É por todas essas características, que a melhor forma de lidar com a ameaça da Helicoverpa é utilizando o Manejo Integrado de Pragas (MIP). Dentro desse sistema, é muito importante conduzir bem o manejo com inseticidas, a fim de evitar aplicações desnecessárias. Além disso, é preciso levar em consideração a seletividade do produto para não eliminar também os predadores naturais da Helicoverpa. Adicionalmente, a rotação de princípios ativos com diferentes mecanismos de ação é recomendada. Essa prática reduz a população de insetos e favorece que os produtos mantenham sua efetividade em longo prazo.

É preciso lembrar, entretanto, que o controle químico é apenas mais uma ferramenta de manejo que deve ser empregada conjuntamente com outras técnicas de controle, a exemplo de agentes biológicos (predadores, parasitoides, bactérias, fungos e vírus), extratos de plantas, feromônios, variedades Bt (resistentes a insetos), manejo cultural, plantas-iscas, liberação de machos estéreis e monitoramento de pragas. O emprego dessas técnicas, de forma planejada e harmônica, é a base para a solidez de um programa de MIP.

Plantas transgênicas resistentes a insetos

A tecnologia de variedades geneticamente modificadas (GM) resistentes a insetos (Bt – sigla para a bactéria do solo Bacillus thuringiensis, cujo gene inseticida é inserido na planta) é uma grande aliada para manejar lagartas e está disponível para controle da Helicoverpa na soja.
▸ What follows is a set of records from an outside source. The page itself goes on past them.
(* The Lie algebra $\Lambda(\mathbb{Q}\mathrm{Tree})$ is not finitely generated. Furthermore, the Lie algebra $\Lambda(\mathbb{Q}\mathrm{Tree}^-)$ is not finitely generated either.
   Context: $\mathrm{Tree}((m))$, $m\ge1$, is the set of planar rooted trees with one root at the bottom and $m$ leaves at the top labeled $1,\dots,m$ from left to right, every internal vertex having at least two inputs; equivalently, meaningful ways of inserting parentheses into the word $12\cdots m$ (e.g. $\mathrm{Tree}((1))=\{1\}$, $\mathrm{Tree}((2))=\{(12)\}$, $\mathrm{Tree}((3))=\{((12)3),(1(23)),(123)\}$). Composition $S\circ_iT$ grafts the root of $T$ to the $i$-th leaf of $S$; this makes $\mathrm{Tree}$ a nonsymmetric operad of sets with unit the trivial tree $1$. For $c\in\mathrm{Tree}((m))$, $m\ge2$, the face $\partial_ic\in\mathrm{Tree}((m-1))$ is obtained by erasing the $i$-th leaf of $c$ (suppressing any vertex left with one input), e.g. $\partial_i((1(23))4)=((12)3)$ for $1\le i\le3$, $\partial_4((1(23))4)=(1(23))$. The operad $\mathrm{Tree}^-$ has $\mathrm{Tree}^-((0))=\{\circ\}$, $\mathrm{Tree}^-((m))=\mathrm{Tree}((m))$ for $m\ge1$, grafting compositions, and $c\circ_i\circ=\partial_ic$, $1\circ_1\circ=\circ$. For a nonsymmetric operad of sets $\mathcal{C}$, $\Lambda(\mathbb{Q}\mathcal{C})=\bigoplus_{m\ge0}\mathbb{Q}\mathcal{C}((m))$ with Lie bracket $[c,d]=\sum_{t=1}^{j}d\circ_tc-\sum_{s=1}^{k}c\circ_sd$ for $c\in\mathcal{C}((k))$, $d\in\mathcal{C}((j))$, extended bilinearly. *)

From HB Require Import structures.
From mathcomp Require Import all_boot all_order all_algebra.
From mathcomp Require Import finmap.
From mathcomp Require Import monalg.
Set Implicit Arguments.
Unset Strict Implicit.
Unset Printing Implicit Defensive.
Import Order.TTheory GRing.Theory Num.Theory.

(* ordered list of inputs.  Leaves are numbered 1..m left to right.   *)
Inductive tree := Leaf | Node of seq tree.

Fixpoint tree_enc (t : tree) : GenTree.tree unit :=
  match t with
  | Leaf => GenTree.Leaf tt
  | Node cs => GenTree.Node 0 (map tree_enc cs)
  end.

Fixpoint tree_dec (g : GenTree.tree unit) : tree :=
  match g with
  | GenTree.Leaf _ => Leaf
  | GenTree.Node _ gs => Node (map tree_dec gs)
  end.

Lemma tree_encK : cancel tree_enc tree_dec.
Proof.
rewrite /cancel; fix IH 1; case => [|cs] //=; congr Node.
elim: cs => //= c cs IHcs; by rewrite IH IHcs.
Qed.

HB.instance Definition _ := Countable.copy tree (can_type tree_encK).

Fixpoint leaves (t : tree) : nat :=
  match t with
  | Leaf => 1
  | Node cs => sumn (map leaves cs)
  end.

Fixpoint wf (t : tree) : bool :=
  match t with
  | Leaf => true
  | Node cs => (1 < size cs) && all wf cs
  end.

(* graft0 s i t : graft the root of t onto the leaf of s with 0-based index i *)
Fixpoint graft0 (s : tree) (i : nat) (t : tree) {struct s} : tree :=
  match s with
  | Leaf => if i == 0%N then t else Leaf
  | Node cs =>
      Node ((fix gl (cs : seq tree) (i : nat) {struct cs} : seq tree :=
               match cs with
               | [::] => [::]
               | c :: cs' => if i < leaves c then graft0 c i t :: cs'
                             else c :: gl cs' (i - leaves c)%N
               end) cs i)
  end.

(* erase0 s i : erase the leaf with 0-based index i, suppressing every
   vertex left with a single input; None if the whole tree disappears *)
Fixpoint erase0 (s : tree) (i : nat) {struct s} : option tree :=
  match s with
  | Leaf => None
  | Node cs =>
      let cs' := (fix el (cs : seq tree) (i : nat) {struct cs} : seq tree :=
                    match cs with
                    | [::] => [::]
                    | c :: cs' =>
                        if i < leaves c then
                          match erase0 c i with
                          | None => cs'
                          | Some c' => c' :: cs'
                          end
                        else c :: el cs' (i - leaves c)%N
                    end) cs i in
      match cs' with
      | [:: c] => Some c
      | _ => Some (Node cs')
      end
  end.

Definition Tree := {t : tree | wf t}.

Definition Tree_leaf : Tree := exist (fun t => wf t) Leaf erefl.

Definition Tree_arity (c : Tree) : nat := leaves (val c).

(* c o_i d (1-based i): grafting.  The result of grafting well-formed  *)
(* trees is well-formed, so [insubd] never falls back to its default.  *)
Definition Tree_comp (c : Tree) (i : nat) (d : Tree) : Tree :=
  insubd Tree_leaf (graft0 (val c) i.-1 (val d)).

(* face \partial_i c (1-based i), for c with at least 2 leaves *)
Definition Tree_face (i : nat) (c : Tree) : Tree :=
  insubd Tree_leaf (odflt Leaf (erase0 (val c) i.-1)).

(* Tree^- : None is the arity-0 element \circ, Some c is c in Tree((m)). *)
Definition TreeM := option Tree.

Definition TreeM_arity (c : TreeM) : nat :=
  match c with None => 0%N | Some c => Tree_arity c end.

Definition TreeM_comp (c : TreeM) (i : nat) (d : TreeM) : TreeM :=
  match c, d with
  | Some c, Some d => Some (Tree_comp c i d)
  | Some c, None => if val c == Leaf then None      (* 1 o_1 \circ = \circ *)
                    else Some (Tree_face i c)       (* c o_i \circ = \partial_i c *)
  | None, _ => None   (* never used: \circ has arity 0 *)
  end.

(* Lambda(Q C) for a nonsymmetric operad of sets C given by its carrier *)
(* C, arity and partial compositions (1-based): formal finite           *)
(* Q-linear combinations of elements of C.                              *)
Local Open Scope ring_scope.
Definition Lam (C : choiceType) := {malg rat[C]}.

Definition lam_br_basis (C : choiceType) (ar : C -> nat)
    (comp : C -> nat -> C -> C) (c d : C) : Lam C :=
  \sum_(1 <= t < (ar d).+1) << comp d t c >>
  - \sum_(1 <= s < (ar c).+1) << comp c s d >>.

Definition lam_br (C : choiceType) (ar : C -> nat)
    (comp : C -> nat -> C -> C) (f g : Lam C) : Lam C :=
  \sum_(c <- msupp f) \sum_(d <- msupp g)
     (f@_c * g@_d) *: lam_br_basis ar comp c d.

Inductive lie_gen (C : choiceType) (ar : C -> nat)
    (comp : C -> nat -> C -> C) (S : seq (Lam C)) : Lam C -> Prop :=
  | lie_gen_in x : x \in S -> lie_gen ar comp S x
  | lie_gen_0 : lie_gen ar comp S 0
  | lie_gen_add x y : lie_gen ar comp S x -> lie_gen ar comp S y ->
                      lie_gen ar comp S (x + y)
  | lie_gen_scale (a : rat) x : lie_gen ar comp S x -> lie_gen ar comp S (a *: x)
  | lie_gen_br x y : lie_gen ar comp S x -> lie_gen ar comp S y ->
                     lie_gen ar comp S (lam_br ar comp x y).

Definition lie_fin_gen (C : choiceType) (ar : C -> nat)
    (comp : C -> nat -> C -> C) : Prop :=
  exists S : seq (Lam C), forall x : Lam C, lie_gen ar comp S x.

(* Neither grafting nor erasing a leaf increases the largest number of inputs
   of a vertex of a tree.  Hence, for every N, the combinations of trees all of
   whose vertices have at most N inputs form a Lie subalgebra.  A finite set of
   elements lies in such a subalgebra for N large, whereas the corolla with
   N + 1 leaves does not. *)
From mathcomp Require Import all_boot all_order all_algebra.
From mathcomp Require Import finmap monalg zify.
Set Implicit Arguments.
Unset Strict Implicit.
Unset Printing Implicit Defensive.
Import Order.TTheory GRing.Theory Num.Theory.

Lemma tree_ind_mem (P : tree -> Prop) : P Leaf ->
  (forall cs : seq tree, (forall c, c \in cs -> P c) -> P (Node cs)) -> forall t, P t.
Proof.
move=> PLeaf PNode; fix IH 1; case=> [|cs]; first exact: PLeaf.
apply: PNode; suff: foldr (fun c Q => P c /\ Q) True cs.
  elim: cs {IH} => [_ c|c cs IHcs [Pc Pcs] c']; first by rewrite in_nil.
  by rewrite in_cons => /predU1P[-> | /(IHcs Pcs)].
elim: cs => [|c cs IHcs]; [exact: I | split; [exact: IH | exact: IHcs]].
Qed.

Fixpoint max_inputs (t : tree) : nat :=
  match t with
  | Leaf => 0
  | Node cs => maxn (size cs) (foldr maxn 0 (map max_inputs cs))
  end.

Notation max_inputs_seq cs := (foldr maxn 0 (map max_inputs cs)).

Fixpoint graft_seq (t : tree) (cs : seq tree) (i : nat) : seq tree :=
  match cs with
  | [::] => [::]
  | c :: cs' => if i < leaves c then graft0 c i t :: cs'
                else c :: graft_seq t cs' (i - leaves c)
  end.

Lemma graft0_node cs i t : graft0 (Node cs) i t = Node (graft_seq t cs i).
Proof. by congr Node; elim: cs i => //= c cs IH i; rewrite IH. Qed.

Fixpoint erase_seq (cs : seq tree) (i : nat) : seq tree :=
  match cs with
  | [::] => [::]
  | c :: cs' =>
      if i < leaves c then
        if erase0 c i is Some c' then c' :: cs' else cs'
      else c :: erase_seq cs' (i - leaves c)
  end.

Lemma erase0_node cs i : erase0 (Node cs) i =
  if erase_seq cs i is [:: c] then Some c else Some (Node (erase_seq cs i)).
Proof. by []. Qed.

Lemma max_inputs_graft0 s i t :
  max_inputs (graft0 s i t) <= maxn (max_inputs s) (max_inputs t).
Proof.
elim/tree_ind_mem: s i => [i | cs IH i].
  by rewrite /=; case: (i == 0); rewrite /= ?leq_maxr.
rewrite graft0_node /=.
suff [-> le_seq] : size (graft_seq t cs i) = size cs /\
    max_inputs_seq (graft_seq t cs i) <= maxn (max_inputs_seq cs) (max_inputs t).
  move: le_seq; lia.
elim: cs IH i => [|c cs IHcs] //= IH i.
have IHc := IH c (mem_head c cs).
have {}IH c' c'cs := IH c' (@mem_behead _ (c :: cs) c' c'cs).
case: ifP => _ /=; first by split=> //; have := IHc i; lia.
have [-> le_seq] := IHcs IH (i - leaves c); split=> //; lia.
Qed.

Lemma max_inputs_erase0 s i s' :
  erase0 s i = Some s' -> max_inputs s' <= max_inputs s.
Proof.
elim/tree_ind_mem: s i s' => [//| cs IH] i s'.
rewrite erase0_node /=.
suff [le_size le_seq] : size (erase_seq cs i) <= size cs /\
    max_inputs_seq (erase_seq cs i) <= max_inputs_seq cs.
  case E: (erase_seq cs i) le_size le_seq => [|c [|c2 cs']] /= + + [<-] /=; lia.
elim: cs IH i {s'} => [|c cs IHcs] //= IH i.
have IHc := IH c (mem_head c cs).
have {}IH c' c'cs := IH c' (@mem_behead _ (c :: cs) c' c'cs).
case: ifP => _ /=.
  by case E: (erase0 c i) => [c'|] /=; [have := IHc _ _ E | ]; split; lia.
have [le_size le_seq] := IHcs IH (i - leaves c); split; lia.
Qed.

Definition Tree_max_inputs (c : Tree) : nat := max_inputs (val c).

Definition TreeM_max_inputs (c : TreeM) : nat :=
  if c is Some c then Tree_max_inputs c else 0.

Lemma Tree_max_inputs_comp c i d :
  Tree_max_inputs (Tree_comp c i d) <= maxn (Tree_max_inputs c) (Tree_max_inputs d).
Proof. by rewrite /Tree_max_inputs val_insubd; case: ifP => // _; apply: max_inputs_graft0. Qed.

Lemma Tree_max_inputs_face i c : Tree_max_inputs (Tree_face i c) <= Tree_max_inputs c.
Proof.
rewrite /Tree_max_inputs val_insubd; case: ifP => // _.
by case E: (erase0 (val c) i.-1) => [t|] //=; apply: max_inputs_erase0 E.
Qed.

Lemma TreeM_max_inputs_comp c i d :
  TreeM_max_inputs (TreeM_comp c i d) <= maxn (TreeM_max_inputs c) (TreeM_max_inputs d).
Proof.
case: c d => [c|] [d|] //=; first exact: Tree_max_inputs_comp.
by case: ifP => //= _; rewrite maxn0; apply: Tree_max_inputs_face.
Qed.

Lemma corolla_wf n : wf (Node (nseq n.+2 Leaf)).
Proof. by elim: n. Qed.

Definition corolla n : Tree := exist (fun t => wf t) _ (corolla_wf n).

Lemma Tree_max_inputs_corolla n : Tree_max_inputs (corolla n) = n.+2.
Proof.
rewrite /Tree_max_inputs /= size_nseq.
suff ->: max_inputs_seq (nseq n Leaf) = 0 by [].
by elim: n => //= n ->.
Qed.

Local Open Scope ring_scope.

Section UnboundedFiltration.

Variables (C : choiceType) (ar : C -> nat) (comp : C -> nat -> C -> C).
Variable h : C -> nat.
Hypothesis h_comp : forall c i d, (h (comp c i d) <= maxn (h c) (h d))%N.

Definition bounded_support N (x : Lam C) := forall c, (N < h c)%N -> x@_c = 0.

Lemma mcoeffU_bounded N c e :
  (h c <= N)%N -> (N < h e)%N -> (<< c >> : Lam C)@_e = 0.
Proof.
move=> hc he; rewrite mcoeffU; case: eqP => // ce.
by move: (leq_ltn_trans hc he); rewrite ce ltnn.
Qed.

Lemma lam_br_basis_bounded N c d : (h c <= N)%N -> (h d <= N)%N ->
  bounded_support N (lam_br_basis ar comp c d).
Proof.
move=> hc hd e he; rewrite /lam_br_basis mcoeffB !raddf_sum /=.
have comp_bounded c' i d' : (h c' <= N)%N -> (h d' <= N)%N -> (h (comp c' i d') <= N)%N.
  by move=> hc' hd'; apply: leq_trans (h_comp _ _ _) _; rewrite geq_max hc' hd'.
rewrite !big1 ?subr0 // => i _; apply/eqP; rewrite ?oppr_eq0; apply/eqP.
all: by apply: (@mcoeffU_bounded N _ e _ he); apply: comp_bounded.
Qed.

Lemma lie_gen_bounded S N : (forall s, s \in S -> bounded_support N s) ->
  forall x, lie_gen ar comp S x -> bounded_support N x.
Proof.
move=> SN x; elim=> {x} [x /SN //| c _ | x y _ hx _ hy c hc | a x _ hx c hc | x y _ hx _ hy e he].
- by rewrite mcoeff0.
- by rewrite mcoeffD hx // hy // addr0.
- by rewrite mcoeffZ hx // mulr0.
rewrite /lam_br raddf_sum /= big1 // => c _; rewrite raddf_sum /= big1 // => d _.
rewrite mcoeffZ; have [hc | hc] := leqP (h c) N; last by rewrite hx // !mul0r.
have [hd | hd] := leqP (h d) N; last by rewrite (hy d) // mulr0 mul0r.
by rewrite (@lam_br_basis_bounded N) // mulr0.
Qed.

Lemma not_lie_fin_gen_unbounded :
  (forall N, exists c, (N < h c)%N) -> ~ lie_fin_gen ar comp.
Proof.
move=> h_unbounded [S genS].
pose N := (\max_(s <- S) \max_(c <- msupp s) h c)%N.
have S_bounded s : s \in S -> bounded_support N s.
  move=> sS c hc; apply: mcoeff_outdom; apply: contraTN hc => cs.
  by rewrite -leqNgt /N (big_rem s sS) (big_rem c cs) /= -maxnA leq_maxl.
have [c hc] := h_unbounded N.
have := lie_gen_bounded S_bounded (genS << c >>) hc.
by rewrite mcoeffU eqxx => /eqP; rewrite oner_eq0.
Qed.

End UnboundedFiltration.

Theorem corollary6p5 :
  ~ lie_fin_gen Tree_arity Tree_comp /\ ~ lie_fin_gen TreeM_arity TreeM_comp.
Proof.
have Tree_unbounded N : exists c, (N < Tree_max_inputs c)%N.
  by exists (corolla N); rewrite Tree_max_inputs_corolla ltnW.
split; first exact: not_lie_fin_gen_unbounded Tree_max_inputs_comp Tree_unbounded.
apply: not_lie_fin_gen_unbounded TreeM_max_inputs_comp _ => N.
by have [c hc] := Tree_unbounded N; exists (Some c).
Qed.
Esta tecnologia é amplamente empregada no País em virtude de sua eficiência. Além disso, apresenta outras vantagens como: ausência de efeitos adversos a organismos não-alvo, manutenção dos agentes de controle biológico na natureza, bem como a otimização no uso de inseticidas, que resulta em benefício ambiental e social decorrentes da diminuição de risco de contaminação por exposição indevida.

Cada uma das tecnologias Bt é desenvolvida para uma ou um grupo de pragas específicas e apresenta diferentes níveis de controle para as distintas espécies-alvo. Dessa maneira, mesmo com o uso da tecnologia Bt é necessário constante monitoramento da lavoura para verificar se existe ou não necessidade de controle complementar.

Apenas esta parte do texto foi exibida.